THE DATA:
(* Under Assumption A1 (with the delay process indexed by all integers), the impulse response of the channel uncertainty satisfies the following. 1. For all $i\in\mathcal{D}$ and $k=0,1,2,\dots$: $\mathbb{E}\{\omega(k,k-i)\}=0$. 2. For all $i\in\mathcal{D}$ and $k_1,k_2\in\{0,1,2,\dots\}$: $$\mathbb{E}\{\omega(k_1,k_1-i)\omega(k_2,k_2-i)\}=\delta(k_1-k_2)\,\alpha_i^2p_i(1-p_i).$$ 3. For all $i_1\neq i_2$ in $\mathcal{D}$ and $k_1,k_2\in\{0,1,2,\dots\}$: $$\mathbb{E}\{\omega(k_1,k_1-i_1)\omega(k_2,k_2-i_2)\}=-\delta(k_1-i_1-k_2+i_2)\,\alpha_{i_1}\alpha_{i_2}p_{i_1}p_{i_2}.$$
   Context: Fix an integer $\bar\tau\ge1$, let $\mathcal{D}=\{0,\dots,\bar\tau\}$, and fix real weights $\alpha_0,\dots,\alpha_{\bar\tau}$. Assumption A1: $\{\tau_n\}$ is an i.i.d. sequence of $\mathcal{D}$-valued random variables with $\Pr\{\tau_n=i\}=p_i$, where $p_i\in[0,1]$ and $\sum_ip_i=1$. Let $\delta$ denote the Kronecker delta ($\delta(0)=1$, $\delta(m)=0$ for $m\ne0$). The impulse response of the channel uncertainty is $\omega(k,n)=\alpha_i[\delta(\tau_n-i)-p_i]$ if $k=n+i$ with $i\in\mathcal{D}$, and $\omega(k,n)=0$ otherwise. *)

From HB Require Import structures.
From mathcomp Require Import all_boot all_order all_algebra.
From mathcomp Require Import all_classical all_reals all_analysis.
Set Implicit Arguments. Unset Strict Implicit. Unset Printing Implicit Defensive.
Import Order.TTheory GRing.Theory Num.Theory.
Local Open Scope classical_set_scope.
Local Open Scope ring_scope.

Definition kdelta {R : nzRingType} (m : int) : R := (m == 0)%:R.

(* Impulse response of the channel uncertainty:
   omega(k,n) = alpha_i [delta(tau_n - i) - p_i] if k = n + i with i in {0..taubar},
   and 0 otherwise. Time indices are integers. *)
Definition omega {R : nzRingType} {T : Type} (taubar : nat) (alpha p : nat -> R)
  (tau : int -> T -> nat) (k n : int) : T -> R :=
  fun w => if (0 <= k - n) && (`|k - n|%N <= taubar)%N then
             alpha `|k - n|%N * (kdelta (Posz (tau n w) - Posz `|k - n|%N) - p `|k - n|%N)
           else 0.

Definition mutually_independent {d} {T : measurableType d} {R : realType}
  (P : probability T R) (tau : int -> T -> nat) : Prop :=
  forall (s : seq int) (v : int -> nat), uniq s ->
    P (\big[setI/setT]_(j <- s) [set w | tau j w = v j]) =
    (\prod_(j <- s) P [set w | tau j w = v j])%E.

Definition assumptionA1 {d} {T : measurableType d} {R : realType}
  (P : probability T R) (taubar : nat) (p : nat -> R) (tau : int -> T -> nat) : Prop :=
  [/\ (forall n (i : nat), measurable [set w | tau n w = i])
      /\ (forall n w, (tau n w <= taubar)%N),
      (forall n (i : nat), (i <= taubar)%N -> P [set w | tau n w = i] = (p i)%:E),
      (forall i : nat, (i <= taubar)%N -> 0 <= p i <= 1),
      \sum_(0 <= i < taubar.+1) p i = 1
    & mutually_independent P tau].

(* The uncertainty omega(k, k - i) = alpha_i (1{tau_(k-i) = i} - p_i) is a
   scaled indicator centred at its mean, so its second moments are covariances
   alpha_i1 alpha_i2 (P(A `&` B) - p_i1 p_i2) of the events A = {tau_(k1-i1) = i1}
   and B = {tau_(k2-i2) = i2}.  When k1 - i1 <> k2 - i2 the events are independent
   and the covariance vanishes; at a common time index they coincide (i1 = i2,
   giving p (1 - p)) or are disjoint (i1 <> i2, giving - p_i1 p_i2). *)

From HB Require Import structures.
From mathcomp Require Import all_boot all_order all_algebra.
From mathcomp Require Import all_classical all_reals all_analysis.
From mathcomp Require Import ring.
Import Order.TTheory GRing.Theory Num.Theory.
Local Open Scope ring_scope.
Local Open Scope classical_set_scope.

Section indicator_covariance.
Context d (T : measurableType d) (R : realType) (P : probability T R).

Lemma Lfun_indic (A : set T) : measurable A -> (\1_A : T -> R) \in Lfun P 1.
Proof. by move=> mA; apply/Lfun1_integrable; exact: integrable_indic. Qed.

Lemma expectation_centered (X : T -> R) (x : R) :
  X \in Lfun P 1 -> ('E_P[X] = x%:E)%E -> ('E_P[(X \- cst x)%R] = 0)%E.
Proof.
by move=> X1 EX; rewrite expectationB ?Lfun_cst // EX expectation_cst subee.
Qed.

Lemma expectation_centeredM (X Y : T -> R) (x y : R) :
  ('E_P[X] = x%:E -> 'E_P[Y] = y%:E ->
   'E_P[((X \- cst x) \* (Y \- cst y))%R] = covariance P X Y)%E.
Proof. by move=> EX EY; rewrite covariance.unlock EX EY. Qed.

Lemma covariance_indic (A B : set T) : measurable A -> measurable B ->
  covariance P \1_A \1_B = (P (A `&` B) - P A * P B)%E.
Proof.
move=> mA mB; have mAB := measurableI _ _ mA mB.
have indicM : (\1_A * \1_B)%R = \1_(A `&` B) :> (T -> R) by rewrite indicI.
by rewrite covarianceE ?indicM ?Lfun_indic // !expectation_indic.
Qed.

Lemma covariance_scaled_indic (a b : R) (A B : set T) :
  measurable A -> measurable B ->
  covariance P (a \o* \1_A) (b \o* \1_B) = ((a * b)%:E * (P (A `&` B) - P A * P B))%E.
Proof.
move=> mA mB; have mAB := measurableI _ _ mA mB.
have indicM : (\1_A * \1_B)%R = \1_(A `&` B) :> (T -> R) by rewrite indicI.
have indicMZ : (\1_A * (b \o* \1_B))%R = b \o* \1_(A `&` B) :> (T -> R).
  by apply/funext => w; rewrite indicI !fctE /= mulrA.
rewrite covarianceZl ?indicMZ ?Lfun_scale ?Lfun_indic //.
by rewrite covarianceZr ?indicM ?Lfun_indic // covariance_indic // muleA EFinM.
Qed.

End indicator_covariance.

Lemma mutually_independent_pair d (T : measurableType d) (R : realType)
    (P : probability T R) (tau : int -> T -> nat) (n1 n2 : int) (v1 v2 : nat) :
  mutually_independent P tau -> n1 != n2 ->
  P ([set w | tau n1 w = v1] `&` [set w | tau n2 w = v2]) =
  (P [set w | tau n1 w = v1] * P [set w | tau n2 w = v2])%E.
Proof.
move=> indep n12.
have := indep [:: n1; n2] (fun j => if j == n1 then v1 else v2).
rewrite /= inE n12 => /(_ isT).
by rewrite !big_cons !big_nil setIT mule1 eqxx eq_sym (negbTE n12).
Qed.

Section delay_channel.
Context d (T : measurableType d) (R : realType) (P : probability T R).
Context (taubar : nat) (alpha p : nat -> R) (tau : int -> T -> nat).
Hypothesis A1 : assumptionA1 P taubar p tau.

Let delay_event (n : int) (i : nat) : set T := [set w | tau n w = i].

Lemma measurable_delay_event (n : int) (i : nat) : measurable (delay_event n i).
Proof. by case: A1 => -[mtau _] *; exact: mtau. Qed.
Local Hint Resolve measurable_delay_event : core.

Lemma omega_centered (k : int) (i : nat) : (i <= taubar)%N ->
  omega taubar alpha p tau k (k - i%:Z) =
  alpha i \o* \1_(delay_event (k - i%:Z) i) \- cst (alpha i * p i).
Proof.
move=> hi; apply/funext => w; rewrite /omega.
have -> : k - (k - i%:Z) = i%:Z by ring.
rewrite /= hi /kdelta subr_eq0 eqz_nat /indic mulrBr [_%:R * _]mulrC.
congr (_ * (_ : bool)%:R - _).
by apply/eqP/idP => [e|/set_mem /= ->]; first exact: mem_set.
Qed.

Lemma probability_delay_event (n : int) (i : nat) : (i <= taubar)%N ->
  P (delay_event n i) = (p i)%:E.
Proof. by case: A1 => _ Ptau *; exact: Ptau. Qed.

Lemma probability_delay_eventsI (n1 n2 : int) (i1 i2 : nat) :
  (i1 <= taubar)%N -> (i2 <= taubar)%N ->
  P (delay_event n1 i1 `&` delay_event n2 i2) =
  (if n1 == n2 then (i1 == i2)%:R * p i1 else p i1 * p i2)%:E.
Proof.
move=> h1 h2; have [<-|n12] := eqVneq n1 n2; last first.
  by case: A1 => _ _ _ _ indep; rewrite mutually_independent_pair //
    !probability_delay_event.
have [<-|i12] := eqVneq i1 i2; first by rewrite setIid mul1r probability_delay_event.
have -> : delay_event n1 i1 `&` delay_event n1 i2 = set0.
  by apply/seteqP; split => // w [/= e1 e2]; rewrite -e1 e2 eqxx in i12.
by rewrite measure0 mul0r.
Qed.

Lemma expectation_scaled_delay_indic (a : R) (n : int) (i : nat) : (i <= taubar)%N ->
  ('E_P[a \o* \1_(delay_event n i)] = (a * p i)%:E)%E.
Proof.
move=> hi; rewrite expectationZl ?Lfun_indic //.
by rewrite expectation_indic // probability_delay_event.
Qed.

Lemma expectation_omega (k : int) (i : nat) : (i <= taubar)%N ->
  ('E_P[omega taubar alpha p tau k (k - i%:Z)] = 0)%E.
Proof.
move=> hi; rewrite omega_centered //; apply: expectation_centered.
  by rewrite Lfun_scale ?Lfun_indic.
exact: expectation_scaled_delay_indic.
Qed.

Lemma expectation_omegaM (k1 k2 : int) (i1 i2 : nat) :
  (i1 <= taubar)%N -> (i2 <= taubar)%N ->
  ('E_P[omega taubar alpha p tau k1 (k1 - i1%:Z)
        \* omega taubar alpha p tau k2 (k2 - i2%:Z)] =
   (alpha i1 * alpha i2 *
      ((if k1 - i1%:Z == k2 - i2%:Z then (i1 == i2)%:R * p i1 else p i1 * p i2)
       - p i1 * p i2))%:E)%E.
Proof.
move=> h1 h2; rewrite !omega_centered // expectation_centeredM;
  try exact: expectation_scaled_delay_indic.
rewrite covariance_scaled_indic //.
by rewrite probability_delay_eventsI // !probability_delay_event // -EFinM -EFinB -EFinM.
Qed.

End delay_channel.

Theorem lemma3p1 (d : measure_display) (T : measurableType d) (R : realType)
  (P : probability T R) (taubar : nat) (alpha p : nat -> R) (tau : int -> T -> nat) :
  (1 <= taubar)%N ->
  assumptionA1 P taubar p tau ->
  [/\ (forall (i k : nat), (i <= taubar)%N ->
         ('E_P[omega taubar alpha p tau k (k%:Z - i%:Z)] = 0)%E),
      (forall (i k1 k2 : nat), (i <= taubar)%N ->
         ('E_P[omega taubar alpha p tau k1 (k1%:Z - i%:Z)
               \* omega taubar alpha p tau k2 (k2%:Z - i%:Z)]
          = (kdelta (k1%:Z - k2%:Z) * alpha i ^+ 2 * p i * (1 - p i))%:E)%E)
    & (forall (i1 i2 k1 k2 : nat), (i1 <= taubar)%N -> (i2 <= taubar)%N -> i1 != i2 ->
         ('E_P[omega taubar alpha p tau k1 (k1%:Z - i1%:Z)
               \* omega taubar alpha p tau k2 (k2%:Z - i2%:Z)]
          = (- (kdelta (k1%:Z - i1%:Z - k2%:Z + i2%:Z) * alpha i1 * alpha i2
                * p i1 * p i2))%:E)%E)].
Proof.
move=> _ A1; split.
- by move=> i k hi; exact: expectation_omega.
- move=> i k1 k2 hi; rewrite expectation_omegaM // (inj_eq (addIr _)) eqz_nat eqxx.
  by rewrite /kdelta subr_eq0 eqz_nat; case: eqP => _ /=; congr EFin; ring.
- move=> i1 i2 k1 k2 h1 h2 i12; rewrite expectation_omegaM // (negbTE i12).
  rewrite /kdelta (_ : k1%:Z - i1%:Z - k2%:Z + i2%:Z = (k1%:Z - i1%:Z) - (k2%:Z - i2%:Z));
    last by ring.
  by rewrite subr_eq0; case: eqP => _ /=; congr EFin; ring.
Qed.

PROBLEM TO SOLVE: Could you return exactly the stretch of the data above that starts at the line with "Proof. by case: A1 => -[mtau" and ends at the line with "P (delay_event n i) = (p i)%:E.", both lines included?

ANSWER TO THIS TASK:
Proof. by case: A1 => -[mtau _] *; exact: mtau. Qed.
Local Hint Resolve measurable_delay_event : core.

Lemma omega_centered (k : int) (i : nat) : (i <= taubar)%N ->
  omega taubar alpha p tau k (k - i%:Z) =
  alpha i \o* \1_(delay_event (k - i%:Z) i) \- cst (alpha i * p i).
Proof.
move=> hi; apply/funext => w; rewrite /omega.
have -> : k - (k - i%:Z) = i%:Z by ring.
rewrite /= hi /kdelta subr_eq0 eqz_nat /indic mulrBr [_%:R * _]mulrC.
congr (_ * (_ : bool)%:R - _).
by apply/eqP/idP => [e|/set_mem /= ->]; first exact: mem_set.
Qed.

Lemma probability_delay_event (n : int) (i : nat) : (i <= taubar)%N ->
  P (delay_event n i) = (p i)%:E.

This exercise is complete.